To usher in the next generation of talent, Universal Orlando works with the University of Central Florida (UCF), Valencia College and other local schools, offering a variety of internships in all fields, from sales and marketing to data analytics to human resources. But the company doesn’t limit exposure to the university level. The “Art of Tomorrow,” for example, is a ground-breaking program that allows eighth graders to explore media and entertainment industry careers in hands-on learning labs at the Universal Orlando campus.
“That gets us into the middle schools, and the kids can stay all the way through high school,” says Davis. Another onsite program called the Universal Education Center offers young people who might benefit from an alternative approach to high school the opportunity to simultaneously attend classes and work at Universal.
Being able to show off exciting innovation can also help attract top candidates, particularly in industries not known for bleeding-edge development, such as healthcare. “When you look at technology adoption across industries, healthcare is just ahead of hunting and agriculture,” jokes Daryl Tol, president and CEO of AdventHealth, which recently changed its name from Florida Hospital. The company made headlines with plans to unveil a new AI command center at its Orlando campus that will function like NASA’s mission control and, using algorithms, help staff prioritize patient-care activities and discharges, make short-term staffing decisions and generally increase the efficiency of care.
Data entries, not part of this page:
(* With the notation of the context, if $r=\min_h d_h=2$, then the asymptotic threshold satisfies $$G^*(\mathcal C,\boldsymbol\Lambda)\le\frac{k}{2\mathcal B_2},\qquad \mathcal B_2=\sum_{h:\,d_h=2}\Lambda_hB^{(h)}_2,$$ where $B^{(h)}_2$ is the number of weight-2 codewords of $\mathscr C_h$. In particular, for IRSA ($k=1$, $\mathscr C_h$ the length-$h$ repetition code) $G^*(\mathcal C,\boldsymbol\Lambda)\le 1/(2\Lambda_2)$.
   Context: For $h=1,\dots,\theta$, $\mathscr C_h$ is an $(n_h,k)$ binary linear code with minimum distance $d_h\ge2$ and no idle symbols, chosen with probability $\Lambda_h$; $\bar n=\sum_h\Lambda_hn_h$, $R=k/\bar n$. Un-normalized information function $\tilde e^{(h)}_g$: sum over all $g$-subsets of columns of a generator matrix of $\mathscr C_h$ of the rank of the corresponding submatrix ($\tilde e_0=0$). For $G\ge0$ define the recursion $p_\ell=1-\exp\{-\frac{G}{k}\sum_h\Lambda_h\sum_{t=0}^{n_h-1}p_{\ell-1}^t(1-p_{\ell-1})^{n_h-1-t}[(n_h-t)\tilde e^{(h)}_{n_h-t}-(t+1)\tilde e^{(h)}_{n_h-1-t}]\}$, $p_0=1-e^{-G/R}$. The asymptotic threshold is $G^*(\mathcal C,\boldsymbol\Lambda)=\sup\{G\ge0: p_\ell\to0\text{ as }\ell\to\infty\}$. *)

From Stdlib Require Import Reals.
From HB Require Import structures.
From mathcomp Require Import all_boot all_order all_algebra.

Set Implicit Arguments.
Unset Strict Implicit.
Unset Printing Implicit Defensive.

Local Open Scope ring_scope.

Definition wt (n : nat) (c : 'rV['F_2]_n) : nat := #|[set j : 'I_n | c ord0 j != 0]|.

Definition is_codeword (k n : nat) (G : 'M['F_2]_(k, n)) (c : 'rV['F_2]_n) : bool :=
  (c <= G)%MS.

(* Minimum distance: least weight of a nonzero codeword (n.+1 if none exists). *)
Definition dmin (k n : nat) (G : 'M['F_2]_(k, n)) : nat :=
  find (fun d => [exists c : 'rV['F_2]_n, [&& c != 0, is_codeword G c & wt c == d]])
       (iota 0%N n.+1).

Definition Bw (k n : nat) (G : 'M['F_2]_(k, n)) (w : nat) : nat :=
  #|[set c : 'rV['F_2]_n | is_codeword G c && (wt c == w)]|.

Definition colsubset (k n : nat) (G : 'M['F_2]_(k, n)) (S : {set 'I_n}) : 'M['F_2]_(k, #|S|) :=
  colsub (fun i : 'I_#|S| => enum_val i) G.

(* Un-normalized information function e~_g. *)
Definition info (k n : nat) (G : 'M['F_2]_(k, n)) (g : nat) : nat :=
  \sum_(S : {set 'I_n} | #|S| == g) \rank (colsubset G S).

Definition no_idle (k n : nat) (G : 'M['F_2]_(k, n)) : Prop :=
  forall j : 'I_n, col j G != 0.

Local Close Scope ring_scope.
Local Open Scope R_scope.

Definition Rsum (m : nat) (F : 'I_m -> R) : R := \big[Rplus/R0]_(i < m) F i.

Definition nbar (theta : nat) (n : 'I_theta -> nat) (Lam : 'I_theta -> R) : R :=
  Rsum (fun h => Lam h * INR (n h)).

Definition Phi (theta k : nat) (n : 'I_theta -> nat)
  (Gm : forall h : 'I_theta, 'M['F_2]_(k, n h)) (Lam : 'I_theta -> R) (p : R) : R :=
  Rsum (fun h => Lam h *
    Rsum (fun t : 'I_(n h) =>
      p ^ t * (1 - p) ^ (n h - 1 - t) *
      (INR ((n h - t) * info (Gm h) (n h - t))
       - INR ((t + 1) * info (Gm h) (n h - 1 - t))))).

Fixpoint pseq (theta k : nat) (n : 'I_theta -> nat)
  (Gm : forall h : 'I_theta, 'M['F_2]_(k, n h)) (Lam : 'I_theta -> R) (G : R) (l : nat) : R :=
  match l with
  | O => 1 - exp (- (G / (INR k / nbar n Lam)))
  | S l' => 1 - exp (- (G / INR k) * Phi Gm Lam (pseq Gm Lam G l'))
  end.

(* Set whose supremum is the asymptotic threshold G*. *)
Definition threshold_set (theta k : nat) (n : 'I_theta -> nat)
  (Gm : forall h : 'I_theta, 'M['F_2]_(k, n h)) (Lam : 'I_theta -> R) : R -> Prop :=
  fun G => 0 <= G /\ Un_cv (pseq Gm Lam G) 0.

Definition calB2 (theta k : nat) (n : 'I_theta -> nat)
  (Gm : forall h : 'I_theta, 'M['F_2]_(k, n h)) (Lam : 'I_theta -> R) : R :=
  Rsum (fun h => if dmin (Gm h) == 2%N then Lam h * INR (Bw (Gm h) 2) else 0).

(* IRSA: index i : 'I_theta is the length-(i+2) repetition code (degree i+2). *)
Definition irsa_len (theta : nat) (i : 'I_theta) : nat := (i + 2)%N.
Definition rep_code (theta : nat) (i : 'I_theta) : 'M['F_2]_(1, irsa_len i) :=
  const_mx (GRing.one 'F_2).

From Stdlib Require Import Reals Lra Psatz.
From HB Require Import structures.
From mathcomp Require Import all_boot all_order all_algebra.
From mathcomp Require Import zify.

(* Write the recursion as p_{l+1} = f(p_l) with f(p) = 1 - exp(-(G/k) Phi(p)).  The column-rank function of a generator matrix is
      monotone; hence every coefficient of the polynomial Phi is nonnegative
      ((n-m) e_m <= (m+1) e_(m+1)).  If the code has rank k and minimum distance
      at least 2, every (n-1)-set of columns has full rank, so e_(n-1) = n k,
      while each weight-2 codeword yields a rank-deficient (n-2)-set, so
      e_(n-2) + B_2 <= C(n,2) k.  Together: the coefficient of p in the
      contribution of the code is at least 2 B_2.
   2. Consequently Phi(p) >= 2 B_2 p (1 - N p) on [0,1], with B_2 the averaged
      number of weight-2 codewords, and Phi(p) > 0 on (0,1].
   3. Analysis.  If G > k / (2 B_2) the gain (G/k) 2 B_2 exceeds 1, so f(p) >= p
      on some interval (0,d).  A positive sequence driven by such a map is
      eventually nondecreasing once it enters (0,d), hence cannot tend to 0.
   The IRSA corollary instantiates the general bound with repetition codes,
   for which only the length-2 code has weight-2 codewords (exactly one). *)

Set Implicit Arguments.
Unset Strict Implicit.
Unset Printing Implicit Defensive.
Import GRing.Theory.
AdventHealth also uses technology to hire and retain talent, says Tol, who estimates that he spends at least a quarter of his time as CEO focused on talent strategy, including acquisition, retention and especially leadership development. For positions such as first-year nurses, for which turnover can be as high as 40-50 percent, AdventHealth uses interviewing technology with predictive AI. “That gives us the percentage chance of an individual nurse staying with us for two years vs. another that has a lower percentage chance, based on facial responses and answers to questions,” Tol explains, adding that Advent Health does “significant recruiting” from UCF, one of the country’s largest schools.
Partnering to Nurture Next-Gen Talent
MPHS has also kept its talent pipeline full by partnering with UCF, offering a robust internship program that produces a new roster of outstanding engineering candidates every year while, at the same time, offering the next generation of engineers a sense of what the day-to-day will be like. Unlike the more typical “gofer” style internships, MHPS interns are “designing the piping for a power plant or the control system for a customer’s application,” says Browning. “This is real hands-on engineering work.” The company typically hires more than 50 percent of the interns who have worked with them. “They tend to like us and we tend to like them,” Browning adds.
Given that companies like MHPS, AdventHealth and Universal need to recruit not only from local schools and competitors across the street but from around the globe, Orlando’s world-renowned weather, large international airport and advanced infrastructure are solid selling points, says Browning. “It’s not difficult to convince people that a move to Orlando is a good thing.”